Analyse : « Protection des intérêts essentiels de sécurité des États membres : Contrats d’impression de documents officiels – deuxième tour (C-601/21, Commission contre République de Pologne) » par Mette Ohm et Grith Skovgaard Ølykke

Analyse : « Protection des intérêts essentiels de sécurité des États membres : Contrats d’impression de documents officiels – deuxième tour (C-601/21, Commission contre République de Pologne)” de Mette Ohm et Grith Skovgaard Ølykke

Introduction

Le 2 mars 2023, la Cour de justice (ci-après « la Cour ») a rendu son arrêt dans l’affaire C-601/21, Commission contre République de Pologne. Il s’agit d’une procédure d’infraction déposée par la Commission en raison d’une transposition incomplète par la Pologne de la directive 2014/24 sur les marchés publics. La loi polonaise contestée sur les marchés publics exempte des procédures de marchés publics les contrats de service public portant sur la production de certains documents, imprimés, cachets et marquages. L’affaire analysée est la deuxième procédure d’infraction concernant les exemptions de ces types de services aux règles de passation des marchés publics en référence aux intérêts essentiels de sécurité (c’est-à-dire désormais l’article 15, paragraphes 2 et 3, de la directive 2014/24). La première procédure d’infraction était la C-187/16, Imprimerie nationale autrichienne, dans laquelle la Cour a constaté que l’Autriche, en réservant à l’entreprise Österreichische Staatsdruckerei des contrats particuliers pour la production de catégories similaires de documents officiels, avait manqué à ses obligations au titre des anciennes directives sur les marchés publics (directive 92/50 et directive 2004/18).

Il existe deux principales différences de faits entre Imprimerie nationale autrichienne et le jugement analysé :

  • Imprimerie nationale autrichienne Il s’agissait d’une attribution directe de marchés publics à un opérateur économique qui pourrait être considérée comme l’attribution d’un droit exclusif, alors que dans le cas analysé, la législation nationale exempte certains marchés des règles de passation des marchés. Cependant, voir par. 68 et 72, dans lesquels la Cour considère que l’affaire concerne la législation polonaise qui prévoit l’attribution directe des contrats concernés à PWPW, même si cela ne ressort pas clairement de la législation polonaise citée dans l’arrêt.
  • Dans Imprimerie nationale autrichienne les marchés publics ont été attribués à une entreprise de droit privé dont les actions étaient cotées en bourse et détenues par des particuliers, alors que dans le cas analysé, le marché exempté des règles de passation des marchés avait été attribué directement à une entreprise publique détenue à 100% par le Trésor public polonais.

Arrière-plan

La loi polonaise sur les marchés publics prévoit que les contrats portant sur la production d’un large éventail de documents officiels, notamment les cartes d’identité, les passeports, les permis de conduire, les bulletins de vote, les certificats des membres d’équipage, des dentistes et des médecins ainsi que les cartes de service des policiers, les gardes-frontières, les agents de sécurité de l’État, etc. sont exemptés de la loi.
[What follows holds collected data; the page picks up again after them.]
(* Let $X$ be a real Hilbert space and $Y$ a real Banach space. Let $F\colon X\to Y$ be a continuous function and let $L>0$, and suppose that for every $n\ge 1$, all $x_1,\ldots,x_n \in X$ and all $\lambda_1,\ldots,\lambda_n \ge 0$ with $\sum_{i=1}^n \lambda_i = 1$, $$\Big\| F\Big(\sum_{i=1}^n \lambda_i x_i\Big) - \sum_{i=1}^n \lambda_i F(x_i)\Big\| \le \frac{L}{2}\sum_{1\le i<j\le n} \lambda_i\lambda_j \|x_i - x_j\|^2.$$ For each $y^*\in Y^*$ define $\phi_{y^*}\colon X\to\mathbb{R}$ by $\phi_{y^*}(x) = y^*(F(x))$. Then for each $y^*\in Y^*$ with $\|y^*\|\le 1$, the function $\phi_{y^*}$ is Fréchet differentiable everywhere on $X$ and its gradient $\nabla\phi_{y^*}\colon X\to X$ is $L$-Lipschitz continuous.
   Context: $Y^*$ denotes the (continuous) dual space of $Y$ with the dual norm. The gradient $\nabla\phi_{y^*}(x)\in X$ is the Riesz representative of the Fréchet derivative of $\phi_{y^*}$ at $x$. *)

From HB Require Import structures.
From mathcomp Require Import all_boot all_order all_algebra.
From mathcomp Require Import all_classical all_reals all_analysis.
Set Implicit Arguments. Unset Strict Implicit. Unset Printing Implicit Defensive.
Import Order.TTheory GRing.Theory Num.Theory.
Import numFieldNormedType.Exports.
Local Open Scope ring_scope.

(* [hilbert_inner ip] : ip is a (real) inner product on X inducing the norm
   of X.  A real Hilbert space is then a complete normed space
   (completeNormedModType) equipped with such an inner product. *)
Definition hilbert_inner (R : realType) (X : normedModType R)
  (ip : X -> X -> R) : Prop :=
  [/\ (forall x y, ip x y = ip y x),
      (forall a x y z, ip (a *: x + y) z = a * ip x z + ip y z)
    & (forall x, ip x x = `|x| ^+ 2)].

Definition dual_elt (R : realType) (Y : normedModType R) (ys : Y -> R) : Prop :=
  (forall a u v, ys (a *: u + v) = a * ys u + ys v) /\ continuous ys.

Definition dual_norm_le1 (R : realType) (Y : normedModType R) (ys : Y -> R) : Prop :=
  forall y, `|ys y| <= `|y|.

(* For y* in the dual unit ball, f := y* o F inherits the two-point case of the
   hypothesis: |f (lam p + (1 - lam) q) - lam f p - (1 - lam) f q| is at most
   L/2 lam (1 - lam) |p - q|^2.  Applied at x and x + 2^-n h with lam = 1/2, it
   makes the dyadic difference quotients 2^n (f (x + 2^-n h) - f x) converge
   geometrically; their limit D is affine on segments, hence linear, satisfies
   |f (x + h) - f x - D h| <= L/2 |h|^2, and is bounded because f is continuous.
   The gradient at x is the Riesz representative of D, the minimiser of
   |v|^2/2 - D v (minimising sequences are Cauchy by the parallelogram law).
   Finally, with d = x - y and G the difference of the gradients at x and y, four
   instances of the quadratic remainder bound combine so that the values of f
   cancel, giving <G, d - 2k> <= L (|k|^2 + |d - k|^2) for every k; the choice
   k = d/2 - G/(2L) yields |G| <= L |d|. *)

From HB Require Import structures.
From mathcomp Require Import all_boot all_order all_algebra.
From mathcomp Require Import all_classical all_reals all_analysis.
From mathcomp Require Import ring lra.
Import Order.TTheory GRing.Theory Num.Theory.
Import numFieldNormedType.Exports.
Local Open Scope ring_scope.
Set Implicit Arguments. Unset Strict Implicit. Unset Printing Implicit Defensive.

Section ScalarFunction.
Variables (R : pzRingType) (V : lmodType R) (l : V -> R).
Hypothesis l_scalar : scalar l.

Let lL : {scalar V} := HB.pack l (GRing.isLinear.Build _ _ _ _ l l_scalar).

Lemma scalar_fun0 : l 0 = 0. Proof. exact: (linear0 lL). Qed.
Lemma scalar_funD : {morph l : u v / u + v}. Proof. exact: (linearD lL). Qed.
Lemma scalar_funN : {morph l : u / - u}. Proof. exact: (linearN lL). Qed.
Lemma scalar_funZ a v : l (a *: v) = a * l v. Proof. exact: (linearZ_LR lL). Qed.

End ScalarFunction.

Section SegmentAffine.
Variables (R : realFieldType) (V : lmodType R) (D : V -> R).
Hypothesis D0 : D 0 = 0.
Hypothesis D_affine : forall lam u w, 0 <= lam <= 1 ->
  D (lam *: u + (1 - lam) *: w) = lam * D u + (1 - lam) * D w.

Let D_shrink c u : 0 <= c <= 1 -> D (c *: u) = c * D u.
Proof. by move=> c01; have := D_affine u 0 c01; rewrite scaler0 addr0 D0 mulr0 addr0. Qed.

Let half01 : 0 <= (2^-1 : R) <= 1. Proof. by apply/andP; split; lra. Qed.

Let D_half u w : D (2^-1 *: (u + w)) = 2^-1 * (D u + D w).
Proof.
have := D_affine u w half01; rewrite (_ : 1 - 2^-1 = 2^-1 :> R); last by field.
by rewrite -scalerDr -mulrDr.
Qed.

Let DN u : D (- u) = - D u.
Proof.
have := D_half u (- u); rewrite subrr scaler0 D0 => /esym/eqP.
rewrite mulf_eq0 invr_eq0 pnatr_eq0 /= addr_eq0.
by move=> /eqP ->; rewrite opprK.
Qed.

Let D_nonnegZ c u : 0 <= c -> D (c *: u) = c * D u.
Proof.
move=> c0; have [c1|c1] := lerP c 1; first by apply: D_shrink; rewrite c0.
have cN0 : c != 0 by rewrite gt_eqF // (lt_trans ltr01).
have c_inv01 : 0 <= c^-1 <= 1 by rewrite invr_ge0 c0 invf_le1 ?ltW // (lt_trans ltr01).
have := D_shrink (c *: u) c_inv01; rewrite scalerA mulVf // scale1r => ->.
by rewrite mulrA mulfV // mul1r.
Qed.

Let DZ c u : D (c *: u) = c * D u.
Proof.
have [c0|c0] := lerP 0 c; first exact: D_nonnegZ.
by rewrite -[c]opprK scaleNr DN D_nonnegZ ?oppr_ge0 ?ltW // !mulNr opprK.
Qed.

Let DD u w : D (u + w) = D u + D w.
Proof.
have -> : u + w = 2 *: (2^-1 *: (u + w)) by rewrite scalerA mulfV ?scale1r.
by rewrite DZ D_half mulrA mulfV ?mul1r.
Qed.

Lemma segment_affine_scalar : scalar D.
Proof. by move=> a u w; rewrite DD DZ. Qed.

End SegmentAffine.

Lemma dist_telescope_le (R : numDomainType) (V : normedZmodType R)
    (u : nat -> V) (s : nat -> R) :
  (forall n, `|u n.+1 - u n| <= s n - s n.+1) ->
  forall n k, (n <= k)%N -> `|u k - u n| <= s n - s k.
Proof.
move=> step n k /subnKC <-; elim: (k - n)%N => [|m IH].
  by rewrite addn0 !subrr normr0.
rewrite addnS; apply: le_trans (ler_distD (u (n + m)%N) _ _) _.
by rewrite [X in _ <= X](_ : _ = s (n + m)%N - s (n + m).+1 + (s n - s (n + m)%N));
  [exact: lerD | ring].
Qed.

Section VanishingRates.
Variable R : realType.
Local Open Scope classical_set_scope.

Lemma ler_cvg0 (r : nat -> R) (x : R) :
  r @ \oo --> 0 -> (forall n, x <= r n) -> x <= 0.
Proof.
move=> r0 xr; rewrite -(cvg_lim _ r0) //.
by apply: limr_ge; [exact: cvgP r0 | exact: nearW].
Qed.

Lemma dyadic_cvg0 (K : R) : K * (2^-1) ^+ n @[n --> \oo] --> 0.
Proof.
rewrite -(mulr0 K); apply: cvgMr; apply: cvg_expr.
by rewrite ger0_norm ?invf_lt1 ?ltr1n.
Qed.

Lemma cauchy_rate_lim (V : completeNormedModType R) (v : nat -> V) (r : nat -> R) :
  r @ \oo --> 0 -> (forall n k, (n <= k)%N -> `|v n - v k| <= r n) ->
  exists u, forall n, `|v n - u| <= r n.
Proof.
move=> r0 v_rate.
have v_cvg : cvg (v @ \oo).
  apply/cauchy_cvgP/cauchy_exP => e e0.
  have [N _ rN] : \forall n \near \oo, `|0 - r n| < e by exact: cvgr_dist_lt.
  exists (v N); exists N => // k /= Nk.
  rewrite -ball_normE /=; apply: le_lt_trans (v_rate _ _ Nk) _.
  by have := rN N (leqnn N); rewrite sub0r normrN => /(le_lt_trans (ler_norm _)).
exists (lim (v @ \oo)) => n; apply/ler_addgt0Pr => e e0.
have : \forall k \near \oo, `|lim (v @ \oo) - v k| <= e /\ (n <= k)%N.
  near=> k; split; last by near: k; exact: nbhs_infty_ge.
  by near: k; exact: cvgr_dist_le.
move=> /filter_ex [k [vk nk]].
by apply: le_trans (ler_distD (v k) _ _) _; rewrite lerD // ?v_rate // distrC.
Unshelve. all: by end_near. Qed.

End VanishingRates.

Lemma quad_ge0_eq0 (R : realFieldType) (a c : R) :
  (forall s, 0 <= s * c + s ^+ 2 * a) -> c = 0.
Proof.
move=> quad_ge0; set k := `|a| + 1.
have k0 : 0 < k by rewrite ltr_pwDr.
have := quad_ge0 (- c / k).
rewrite (_ : _ + _ = c ^+ 2 * (a - k) / k ^+ 2); last by field; rewrite gt_eqF.
rewrite pmulr_lge0 ?invr_gt0 ?exprn_gt0 // => ge0.
have ak : a - k < 0 by have := ler_norm a; rewrite /k; lra.
by apply/eqP; rewrite -sqrf_eq0 eq_le sqr_ge0 andbT; nra.
Qed.

Section QuadraticRemainder.
Variables (R : realType) (V : normedModType R) (f l : V -> R) (x : V) (C : R).
Hypothesis l_scalar : scalar l.
Hypothesis remainder : forall h, `|f (x + h) - f x - l h| <= C * `|h| ^+ 2.

Lemma quadratic_remainder_bounded :
  {for x, continuous f} -> exists M, forall v, `|l v| <= M * `|v|.
Proof.
move=> /cvgr_dist_lt/(_ _ ltr01)/nbhs_normP[d /= d0 near_x].
set r := d / 2; have r0 : 0 < r by rewrite divr_gt0.
exists ((1 + C * r ^+ 2) / r) => v.
have [->|v0] := eqVneq v 0; first by rewrite (scalar_fun0 l_scalar) !normr0 mulr0.
have nv : 0 < `|v| by rewrite normr_gt0.
have rv0 : 0 <= r / `|v| by rewrite divr_ge0 // ltW.
pose w := (r / `|v|) *: v.
have nw : `|w| = r by rewrite normrZ ger0_norm // divfK // gt_eqF.
have fw : `|f x - f (x + w)| < 1.
  by apply: near_x; rewrite /= opprD addrA subrr sub0r normrN nw ltr_pdivrMr // ltr_pMr // ltr1n.
have lw : `|l w| <= 1 + C * r ^+ 2.
  have := remainder w; rewrite nw distrC in fw |- *.
  have := ler_distD (f (x + w) - f x) 0 (l w); rewrite !sub0r !normrN.
  by move=> tri rem; lra.
have lv : r / `|v| * `|l v| <= 1 + C * r ^+ 2.
  by rewrite -[r / _]ger0_norm // -normrM -(scalar_funZ l_scalar).
rewrite mulrAC ler_pdivlMr //; have := ler_wpM2r (ltW nv) lv.
by rewrite (_ : _ * `|v| = `|l v| * r) //; field; rewrite gt_eqF.
Qed.

Lemma quadratic_remainder_differentiable (M : R) :
  (forall v, `|l v| <= M * `|v|) -> differentiable f x /\ 'd f x =1 l.
Proof.
move=> l_bounded.
pose dl : {linear V -> R} := HB.pack l (GRing.isLinear.Build R V R *:%R l l_scalar).
have dl_cont : continuous dl.
  apply/bounded_linear_continuous/linear_boundedP; near=> m => v.
  by apply: le_trans (l_bounded v) _; rewrite ler_wpM2r //; near: m; exact: nbhs_pinfty_ge.
have dl_o : f \o shift x = cst (f x) + dl +o_ 0 id.
  apply/eqaddoP => e e0; near=> h.
  rewrite !fctE /shift /cst /= [h + x]addrC opprD addrA.
  apply: le_trans (remainder h) _; rewrite expr2 mulrA ler_wpM2r //.
  apply: (@le_trans _ _ ((`|C| + 1) * `|h|)).
    by rewrite ler_wpM2r // (le_trans (ler_norm _)) ?lerDl.
  rewrite mulrC -ler_pdivlMr ?ltr_pwDr //.
  near: h; apply/nbhs_normP; exists (e / (`|C| + 1)); first by rewrite /= divr_gt0 ?ltr_pwDr.
  by move=> h /=; rewrite sub0r normrN => /ltW.
have d_eq := diff_unique dl_cont dl_o.
split; last by move=> h; rewrite d_eq.
by apply/diff_locallyP; rewrite d_eq.
Unshelve. all: by end_near. Qed.

End QuadraticRemainder.

Section InnerProduct.
Variables (R : realType) (X : normedModType R) (ip : X -> X -> R).
Hypothesis hip : hilbert_inner ip.

Lemma ip_sym x y : ip x y = ip y x. Proof. by case: hip. Qed.
Lemma ip_norm x : ip x x = `|x| ^+ 2. Proof. by case: hip. Qed.

Lemma ipr_scalar z : scalar (ip z).
Proof. by case: hip => sym lin _ a x y; rewrite !(sym z) lin. Qed.

Lemma ipDr z : {morph ip z : x y / x + y}. Proof. exact: scalar_funD (ipr_scalar z). Qed.
Lemma ipNr z : {morph ip z : x / - x}. Proof. exact: scalar_funN (ipr_scalar z). Qed.
Lemma ipZr z a x : ip z (a *: x) = a * ip z x. Proof. exact: (scalar_funZ (ipr_scalar z)). Qed.
Lemma ipDl z x y : ip (x + y) z = ip x z + ip y z. Proof. by rewrite !(ip_sym _ z) ipDr. Qed.
Lemma ipNl z x : ip (- x) z = - ip x z. Proof. by rewrite !(ip_sym _ z) ipNr. Qed.
Lemma ipZl z a x : ip (a *: x) z = a * ip x z. Proof. by rewrite !(ip_sym _ z) ipZr. Qed.

Lemma normD_sqr x y : `|x + y| ^+ 2 = `|x| ^+ 2 + 2 * ip x y + `|y| ^+ 2.
Proof. by rewrite -!ip_norm ipDl !ipDr (ip_sym y x); ring. Qed.

Lemma normB_sqr x y : `|x - y| ^+ 2 = `|x| ^+ 2 - 2 * ip x y + `|y| ^+ 2.
Proof. by rewrite normD_sqr ipNr normrN; ring. Qed.

Lemma parallelogram (x y : X) : `|x + y| ^+ 2 + `|x - y| ^+ 2 = 2 * `|x| ^+ 2 + 2 * `|y| ^+ 2.
Proof. by rewrite normD_sqr normB_sqr; ring. Qed.

Lemma cauchy_schwarz x y : `|ip x y| <= `|x| * `|y|.
Proof.
have [->|y0] := eqVneq y 0; first by rewrite -(scale0r 0) ipZr mul0r normr0 scale0r normr0 mulr0.
have ny : 0 < `|y| ^+ 2 by rewrite exprn_gt0 // normr_gt0.
have : 0 <= `|(`|y| ^+ 2) *: x - ip x y *: y| ^+ 2 by exact: sqr_ge0.
rewrite normB_sqr !normrZ ipZl ipZr !exprMn !real_normK ?num_real //.
rewrite (_ : _ + _ = `|y| ^+ 2 * ((`|x| * `|y|) ^+ 2 - ip x y ^+ 2)); last by ring.
rewrite pmulr_rge0 // subr_ge0 -real_normK ?num_real // => ip2.
by rewrite -ler_sqr ?nnegrE ?mulr_ge0.
Qed.

End InnerProduct.

Section RieszRepresentation.
Variables (R : realType) (X : completeNormedModType R) (ip : X -> X -> R).
Variables (l : X -> R) (M : R).
Hypotheses (hip : hilbert_inner ip) (l_scalar : scalar l).
Hypothesis l_bounded : forall v, `|l v| <= M * `|v|.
Ces marchés ont été attribués directement à une entreprise publique établie en Pologne et détenue à 100 % par le Trésor public ; Polska Wytwórnia Papierów Wartościowych («PWPW»).

La Commission a porté devant la Cour une affaire dans laquelle, en référence à Imprimerie nationale autrichienne, elle a fait valoir qu’un État membre ne peut pas exempter entièrement certains marchés de l’application des règles en matière de marchés publics. Concernant l’attribution directe des marchés à PWPW, la Commission a fait valoir que la Pologne n’avait pas expliqué pourquoi seule PWPW pouvait produire les documents en cause et a évoqué, entre autres, le fait que PWPW avait participé à des appels d’offres et avait fait appel à des sous-traitants. En outre, la Commission a fait valoir que des moyens moins restrictifs pourraient consister à exiger des normes de sécurité élevées dans les critères de sélection, des spécifications techniques appropriées, des habilitations de sécurité nationales et des obligations contractuelles (contrôles, garanties, sanctions économiques à effet dissuasif).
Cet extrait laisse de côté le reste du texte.